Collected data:

━━━

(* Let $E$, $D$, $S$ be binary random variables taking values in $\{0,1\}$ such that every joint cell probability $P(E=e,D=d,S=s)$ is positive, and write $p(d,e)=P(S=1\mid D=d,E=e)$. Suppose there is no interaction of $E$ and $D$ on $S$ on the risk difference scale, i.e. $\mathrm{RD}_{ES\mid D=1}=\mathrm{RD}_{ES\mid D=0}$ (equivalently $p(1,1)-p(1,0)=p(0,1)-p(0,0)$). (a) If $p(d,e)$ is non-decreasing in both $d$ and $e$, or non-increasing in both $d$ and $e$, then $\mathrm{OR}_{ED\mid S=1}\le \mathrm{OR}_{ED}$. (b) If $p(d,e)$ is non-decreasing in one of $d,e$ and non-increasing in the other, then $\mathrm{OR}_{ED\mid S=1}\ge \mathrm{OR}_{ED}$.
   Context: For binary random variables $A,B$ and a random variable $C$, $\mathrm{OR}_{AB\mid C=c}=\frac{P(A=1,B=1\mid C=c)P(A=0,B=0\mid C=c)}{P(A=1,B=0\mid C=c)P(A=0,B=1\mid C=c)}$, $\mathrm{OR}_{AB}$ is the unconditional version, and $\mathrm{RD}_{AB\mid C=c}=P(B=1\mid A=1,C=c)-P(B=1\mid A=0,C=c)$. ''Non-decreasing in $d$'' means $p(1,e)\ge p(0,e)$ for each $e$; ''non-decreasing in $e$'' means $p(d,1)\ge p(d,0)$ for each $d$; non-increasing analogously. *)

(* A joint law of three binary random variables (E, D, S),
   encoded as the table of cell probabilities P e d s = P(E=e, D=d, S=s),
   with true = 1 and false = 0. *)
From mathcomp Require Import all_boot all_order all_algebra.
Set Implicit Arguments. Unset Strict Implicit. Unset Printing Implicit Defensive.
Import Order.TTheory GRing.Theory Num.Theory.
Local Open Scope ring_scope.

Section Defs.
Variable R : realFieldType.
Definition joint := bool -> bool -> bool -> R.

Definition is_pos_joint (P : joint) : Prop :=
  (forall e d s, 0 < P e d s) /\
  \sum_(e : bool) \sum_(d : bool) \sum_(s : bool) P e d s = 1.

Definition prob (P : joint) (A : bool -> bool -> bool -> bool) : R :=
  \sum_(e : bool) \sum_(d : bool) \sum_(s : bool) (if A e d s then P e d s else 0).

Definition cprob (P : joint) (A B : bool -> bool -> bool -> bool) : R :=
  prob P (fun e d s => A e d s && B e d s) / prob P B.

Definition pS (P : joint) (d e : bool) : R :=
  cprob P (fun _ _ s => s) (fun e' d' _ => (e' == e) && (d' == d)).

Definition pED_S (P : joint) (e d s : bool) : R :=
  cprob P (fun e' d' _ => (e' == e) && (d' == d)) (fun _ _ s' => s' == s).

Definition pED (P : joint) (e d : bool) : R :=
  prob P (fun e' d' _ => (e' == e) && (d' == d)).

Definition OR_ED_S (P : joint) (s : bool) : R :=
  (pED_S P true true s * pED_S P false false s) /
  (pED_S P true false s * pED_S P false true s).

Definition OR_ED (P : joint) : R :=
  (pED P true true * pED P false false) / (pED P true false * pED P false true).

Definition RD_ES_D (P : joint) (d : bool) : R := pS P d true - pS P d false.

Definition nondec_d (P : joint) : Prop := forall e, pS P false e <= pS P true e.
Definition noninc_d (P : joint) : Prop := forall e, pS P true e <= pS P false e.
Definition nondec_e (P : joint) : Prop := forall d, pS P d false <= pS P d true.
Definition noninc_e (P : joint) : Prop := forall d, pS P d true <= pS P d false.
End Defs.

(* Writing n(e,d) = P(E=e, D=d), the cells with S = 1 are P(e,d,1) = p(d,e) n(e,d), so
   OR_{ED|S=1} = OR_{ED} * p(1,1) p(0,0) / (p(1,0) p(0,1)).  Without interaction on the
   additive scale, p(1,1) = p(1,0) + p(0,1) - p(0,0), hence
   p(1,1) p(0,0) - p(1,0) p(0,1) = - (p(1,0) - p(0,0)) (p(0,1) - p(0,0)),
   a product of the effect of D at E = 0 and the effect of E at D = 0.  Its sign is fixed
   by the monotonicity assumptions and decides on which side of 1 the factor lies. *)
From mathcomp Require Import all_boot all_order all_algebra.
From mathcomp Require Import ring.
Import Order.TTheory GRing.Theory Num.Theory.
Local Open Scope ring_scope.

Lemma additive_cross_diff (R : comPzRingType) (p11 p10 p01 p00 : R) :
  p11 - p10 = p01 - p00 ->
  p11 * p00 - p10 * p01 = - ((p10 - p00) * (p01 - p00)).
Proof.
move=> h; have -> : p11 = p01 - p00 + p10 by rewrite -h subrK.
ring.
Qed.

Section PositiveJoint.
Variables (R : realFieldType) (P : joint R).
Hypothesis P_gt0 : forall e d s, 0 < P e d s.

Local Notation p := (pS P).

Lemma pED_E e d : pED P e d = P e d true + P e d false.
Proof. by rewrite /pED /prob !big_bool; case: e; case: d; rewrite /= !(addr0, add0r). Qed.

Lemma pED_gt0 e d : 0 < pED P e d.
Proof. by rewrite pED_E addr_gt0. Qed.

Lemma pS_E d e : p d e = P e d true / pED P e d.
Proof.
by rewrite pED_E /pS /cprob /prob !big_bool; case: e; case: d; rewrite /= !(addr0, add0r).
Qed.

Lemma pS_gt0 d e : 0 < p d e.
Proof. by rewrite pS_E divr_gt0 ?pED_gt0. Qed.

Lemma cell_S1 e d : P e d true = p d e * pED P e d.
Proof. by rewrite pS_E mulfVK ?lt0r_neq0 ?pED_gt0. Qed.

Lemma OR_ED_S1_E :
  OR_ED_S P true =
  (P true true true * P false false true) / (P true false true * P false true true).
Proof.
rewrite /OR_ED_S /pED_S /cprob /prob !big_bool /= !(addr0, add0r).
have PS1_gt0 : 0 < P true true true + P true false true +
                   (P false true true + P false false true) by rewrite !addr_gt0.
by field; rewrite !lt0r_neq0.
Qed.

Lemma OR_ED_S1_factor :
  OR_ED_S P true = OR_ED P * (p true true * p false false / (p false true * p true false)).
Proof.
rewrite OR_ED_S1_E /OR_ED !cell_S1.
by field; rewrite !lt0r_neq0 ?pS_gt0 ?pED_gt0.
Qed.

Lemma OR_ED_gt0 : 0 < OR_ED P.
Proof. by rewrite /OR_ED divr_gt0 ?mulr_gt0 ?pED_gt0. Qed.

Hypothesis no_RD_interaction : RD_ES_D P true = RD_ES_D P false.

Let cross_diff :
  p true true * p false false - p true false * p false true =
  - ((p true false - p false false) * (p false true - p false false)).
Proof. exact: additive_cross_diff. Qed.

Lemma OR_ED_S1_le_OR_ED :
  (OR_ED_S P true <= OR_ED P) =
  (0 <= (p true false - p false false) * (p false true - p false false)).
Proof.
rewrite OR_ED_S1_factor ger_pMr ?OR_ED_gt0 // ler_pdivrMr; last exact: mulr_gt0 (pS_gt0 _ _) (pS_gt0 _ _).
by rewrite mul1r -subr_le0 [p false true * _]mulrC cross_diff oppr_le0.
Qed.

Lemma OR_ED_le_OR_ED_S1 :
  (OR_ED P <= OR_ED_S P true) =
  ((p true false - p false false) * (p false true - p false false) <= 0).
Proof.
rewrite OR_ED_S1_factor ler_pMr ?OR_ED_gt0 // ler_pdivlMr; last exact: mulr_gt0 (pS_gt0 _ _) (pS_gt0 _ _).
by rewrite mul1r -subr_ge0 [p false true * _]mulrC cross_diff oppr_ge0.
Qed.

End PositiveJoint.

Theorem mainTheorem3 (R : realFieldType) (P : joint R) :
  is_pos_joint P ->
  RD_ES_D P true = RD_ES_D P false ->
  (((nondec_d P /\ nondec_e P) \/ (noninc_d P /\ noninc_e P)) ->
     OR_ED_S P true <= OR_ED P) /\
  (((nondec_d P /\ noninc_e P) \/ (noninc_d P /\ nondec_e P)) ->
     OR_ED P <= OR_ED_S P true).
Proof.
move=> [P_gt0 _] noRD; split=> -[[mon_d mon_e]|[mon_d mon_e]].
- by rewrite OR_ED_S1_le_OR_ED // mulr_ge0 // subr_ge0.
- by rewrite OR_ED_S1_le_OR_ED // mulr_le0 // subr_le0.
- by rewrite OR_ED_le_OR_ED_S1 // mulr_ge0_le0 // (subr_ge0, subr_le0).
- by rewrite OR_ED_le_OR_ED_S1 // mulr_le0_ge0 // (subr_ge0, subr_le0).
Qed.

━━━

* **WHAT THE TASK ASKS**
What you copy out must be exactly the lines from the line containing "OR_ED_S P true <= OR_ED P) /\" through the end of the records.

* **TASK RESULT**
     OR_ED_S P true <= OR_ED P) /\
  (((nondec_d P /\ noninc_e P) \/ (noninc_d P /\ nondec_e P)) ->
     OR_ED P <= OR_ED_S P true).
Proof.
move=> [P_gt0 _] noRD; split=> -[[mon_d mon_e]|[mon_d mon_e]].
- by rewrite OR_ED_S1_le_OR_ED // mulr_ge0 // subr_ge0.
- by rewrite OR_ED_S1_le_OR_ED // mulr_le0 // subr_le0.
- by rewrite OR_ED_le_OR_ED_S1 // mulr_ge0_le0 // (subr_ge0, subr_le0).
- by rewrite OR_ED_le_OR_ED_S1 // mulr_le0_ge0 // (subr_ge0, subr_le0).
Qed.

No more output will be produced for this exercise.